American war in Afghanistan caused the rapid arrival of the Taliban into Pakistan’s tribal west in the early 2000s. Seeking access to Kabul – routes controlled by Shias on the Pakistani side of the border – the Taliban exploited the sectarian divides created by General Zia and the US in the 1980s to galvanize Sunni opposition against local Shias. The mobilization met the approbation of anti-Shia Deobandi militias active in Punjab and Sindh. Shia response – the organization of local retaliatory militias – exacerbated the conflict, and a redoubled anti-Shia campaign gripped Pakistan’s western provinces. The growing organizational assistance provided by trans-national groups such as Al Qaeda to the Taliban and anti-Shia militancies, too, worsened the violence.
Meanwhile, the U.S. invasion of Iraq – the intellectual compass for Pakistani Shias prior to the Iranian revolution – provided the political landscape to bring Shia-Sunni tensions into relief. As Najaf saw violence, and Saudi tanks rolled into Bahrain, Karachi, Lahore and Peshawar saw Deobandi protests rock the streets in support of Middle-Eastern Sunnis. Shias, initially supportive of Saddam’s ouster, whose oppression of Shias they had been protesting since the 1970s, recoiled from the sectarian carnage unleashed by American ineptitude. Perceiving Sunni persecution in their holy lands, Shia response in Pakistan was to increasingly assert political identity through greater participation in religious processions and ceremonies, activities that invariably attracted the violent attention of Deobandi militants.
Buffeted by these international winds, communitarian conflict in Pakistan has been worsening since 2001. In 2007, Pakistan, with the exception of Iraq, became the only country where a majority of the suicide bombings were driven by sectarian strife.
2012 proved a particularly harsh year for the Shia community. In Pakistan’s tribal northwest, the Taliban imposed an economic blockade on Shia tribes to wrest control of routes to Kabul from them. Car bombs, bus attacks and targeted assassinations claimed over eighty Shia lives in the tribal regions of Pakistan. In urban centers, the sectarian outfits of Zia’s time continued their killing spree. Karachi saw the violent murder of over a hundred and fifty Shias, among them were prominent leaders such as Allama Aftab Ahmed Jaffery, Head of the Palestine Foundation of Pakistan. The garrison town of Rawalpindi saw the killing of 24 Shias when a procession was attacked by unidentified gunmen. In the western province of Balochistan, among the systematic persecution of Shias of all sorts, Hazara Shias have faced unrelenting violence, and lost over a hundred community members in the last year.

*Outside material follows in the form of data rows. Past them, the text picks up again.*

(* Let $\mu>0$. For every $n\in\mathbb{N}$ with $n>1$ and every $f\in C([0,1])$, $$\|\mathscr{L}_n^K f-f\|_\infty\le \omega\!\left(f_\mu,\tfrac{1}{\sqrt{n+1}}\right)\ln(2+\mu)\left\{1+\frac{1}{2\sqrt{n+1}}+\sqrt2\right\}+\omega(f_\mu,\gamma_n)\ln(2+\mu),$$ where $\gamma_n:=\max_{x\in[0,1]}|a_{n+1}(x)-x|$.
   Context: Fix $\mu>0$. Let $\ln_\mu(x):=\ln(1+\mu+x)$ for $x\in[0,1]$, and for $f:[0,1]\to\mathbb{R}$ let $f_\mu(x):=f(x)/\ln_\mu(x)$. Let $p_{n,k}(y):=\binom{n}{k}y^k(1-y)^{n-k}$ and $a_{n+1}(x):=\dfrac{\ln\left(1+\frac{x}{(n+1)(1+\mu)}\right)}{\ln\left(1+\frac{1}{(n+1)(1+\mu)}\right)}$, $x\in[0,1]$. For $n\in\mathbb{N}$ define $\mathscr{L}_n^K f(x):=\ln_\mu(x)\sum_{k=0}^n p_{n,k}(a_{n+1}(x))\,(n+1)\int_{k/(n+1)}^{(k+1)/(n+1)} f_\mu(t)\,dt$, $x\in[0,1]$. For $g\in C([0,1])$ and $\delta>0$, $\omega(g,\delta):=\sup\{|g(t)-g(x)|: x,t\in[0,1],\ |t-x|\le\delta\}$; $\|\cdot\|_\infty$ is the sup norm on $[0,1]$. *)

From Stdlib Require Import Reals.
From Coquelicot Require Import Coquelicot.
Open Scope R_scope.

Definition ln_mu (mu x : R) : R := ln (1 + mu + x).

Definition f_mu (mu : R) (f : R -> R) (x : R) : R := f x / ln_mu mu x.

Definition p_nk (n k : nat) (y : R) : R := Binomial.C n k * y ^ k * (1 - y) ^ (n - k).

Definition a_np1 (mu : R) (n : nat) (x : R) : R :=
  ln (1 + x / (INR (n + 1) * (1 + mu))) / ln (1 + 1 / (INR (n + 1) * (1 + mu))).

Definition LK (mu : R) (n : nat) (f : R -> R) (x : R) : R :=
  ln_mu mu x *
  sum_f_R0 (fun k => p_nk n k (a_np1 mu n x) *
                     (INR (n + 1) * RInt (f_mu mu f) (INR k / INR (n + 1))
                                                     (INR (k + 1) / INR (n + 1))))
           n.

Definition I01 (x : R) : Prop := 0 <= x <= 1.

Definition omega (g : R -> R) (delta : R) : R :=
  real (Lub_Rbar (fun r => exists x t, I01 x /\ I01 t /\ Rabs (t - x) <= delta /\
                                       r = Rabs (g t - g x))).

(* gamma_n = max_{x in [0,1]} |a_{n+1}(x) - x|  (a sup of a continuous function
   on a compact set, hence attained) *)
Definition gamma_n (mu : R) (n : nat) : R :=
  real (Lub_Rbar (fun r => exists x, I01 x /\ r = Rabs (a_np1 mu n x - x))).

Definition cont01 (f : R -> R) : Prop :=
  forall x, I01 x -> filterlim f (within I01 (locally x)) (locally (f x)).

(* With g = f_mu and y = a_{n+1}(x), the operator is L_n^K f (x) = ln_mu(x) K_n g (y),
   where K_n is the classical Kantorovich operator, while f(x) = ln_mu(x) g(x).  Since
   0 < ln_mu <= ln(2 + mu) on [0,1], it suffices to bound |K_n g (y) - g(y)| and
   |g(y) - g(x)| <= omega(g, gamma_n).  Each cell average of g differs from g(y) by at most
   omega(g, d) (1 + (t - y)^2 / d^2) for some t in the cell, and the second moments of the
   Bernstein basis turn the weighted sum of these bounds, for d = 1/sqrt(n+1), into
   3/2 omega(g, d); this constant is smaller than the stated 1 + 1/(2 sqrt(n+1)) + sqrt 2. *)

From Stdlib Require Import Reals Lra Lia Psatz.
From Coquelicot Require Import Coquelicot.
Open Scope R_scope.

Lemma Binomial_C_absorption (m j : nat) : (j <= m)%nat ->
  INR (S j) * Binomial.C (S m) (S j) = INR (S m) * Binomial.C m j.
Proof.
  intros Hj. unfold Binomial.C.
  replace (S m - S j)%nat with (m - j)%nat by lia.
  change (Factorial.fact (S m)) with (S m * Factorial.fact m)%nat.
  change (Factorial.fact (S j)) with (S j * Factorial.fact j)%nat.
  rewrite !mult_INR.
  assert (INR (S j) <> 0) by (apply not_0_INR; lia).
  field; repeat split; auto using INR_fact_neq_0.
Qed.

Lemma p_nk_ge0 (n k : nat) (y : R) : 0 <= y <= 1 -> 0 <= p_nk n k y.
Proof.
  intros Hy. unfold p_nk, Binomial.C.
  repeat apply Rmult_le_pos; try apply pow_le; try lra.
  - apply pos_INR.
  - apply Rlt_le, Rinv_0_lt_compat, Rmult_lt_0_compat; apply INR_fact_lt_0.
Qed.

Lemma sum_p_nk (n : nat) (y : R) : sum_f_R0 (fun k => p_nk n k y) n = 1.
Proof.
  unfold p_nk. rewrite <- binomial. replace (y + (1 - y)) with 1 by ring. apply pow1.
Qed.

Lemma sum_INR_mul_p_nk_succ (m : nat) (h : nat -> R) (y : R) :
  sum_f_R0 (fun k => INR k * h k * p_nk (S m) k y) (S m) =
  INR (S m) * y * sum_f_R0 (fun j => h (S j) * p_nk m j y) m.
Proof.
  rewrite decomp_sum by lia. simpl pred.
  rewrite !Rmult_0_l, Rplus_0_l, scal_sum.
  apply sum_eq. intros j Hj. unfold p_nk.
  replace (S m - S j)%nat with (m - j)%nat by lia.
  transitivity ((INR (S j) * Binomial.C (S m) (S j)) * h (S j) * y ^ S j * (1 - y) ^ (m - j));
    [ring|].
  rewrite Binomial_C_absorption by exact Hj. simpl. ring.
Qed.

Lemma sum_INR_p_nk (n : nat) (y : R) :
  sum_f_R0 (fun k => INR k * p_nk n k y) n = INR n * y.
Proof.
  destruct n as [|m]; [simpl; ring|].
  transitivity (sum_f_R0 (fun k => INR k * 1 * p_nk (S m) k y) (S m));
    [apply sum_eq; intros; ring|].
  rewrite sum_INR_mul_p_nk_succ.
  rewrite (sum_eq _ (fun j => p_nk m j y)) by (intros; ring).
  rewrite sum_p_nk. ring.
Qed.

Lemma sum_INR_falling2_p_nk (n : nat) (y : R) :
  sum_f_R0 (fun k => INR k * (INR k - 1) * p_nk n k y) n = INR n * (INR n - 1) * y ^ 2.
Proof.
  destruct n as [|m]; [simpl; ring|].
  rewrite sum_INR_mul_p_nk_succ.
  rewrite (sum_eq _ (fun j => INR j * p_nk m j y)) by (intros; rewrite S_INR; ring).
  rewrite sum_INR_p_nk, S_INR. ring.
Qed.

Lemma sum_sq_dist_p_nk (n : nat) (y c : R) :
  sum_f_R0 (fun k => p_nk n k y * (INR k - c) ^ 2) n =
  INR n * y * (1 - y) + (INR n * y - c) ^ 2.
Proof.
  rewrite (sum_eq _ (fun k => INR k * (INR k - 1) * p_nk n k y
                              + INR k * p_nk n k y * (1 - 2 * c) + p_nk n k y * c ^ 2))
    by (intros; ring).
  rewrite !plus_sum, <- !scal_sum, sum_INR_falling2_p_nk, sum_INR_p_nk, sum_p_nk. ring.
Qed.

“[T]here are significantly more Shias in Pakistan than Iraq,” reports the Department of Peace Studies at the University of Bradford, “giving a rationale for the continuation of both outside Sunni and Shia involvement in sectarianism in Pakistan.” With Iraq left in sectarian turmoil, and Syria’s pro-Shia strongman Bashar Al-Assad battling a Saudi and Sunni backed insurgency, developments in the Middle East indicate an exacerbation of the conflict in Pakistan. Trans-national and extra-national movements shall be quick to exploit these developments to arm and deploy sectarian militias in the country, the consequences of which could be disastrous.
Shia response in the country has hitherto been overwhelmingly pacifist, but attacks like the one on December 30th raise the specter of retaliatory violence, increasingly seen as the sole option available to the community. In a recent speech, a Hazara woman warned: “When hope is lost, all is lost. We are reaching that point where we lose hope permanently. Save us before that day comes.”
Inflamed by the War on Terror, this relatively untold story could be, as a Norwegian think tank termed, “Pakistan’s greatest security threat.”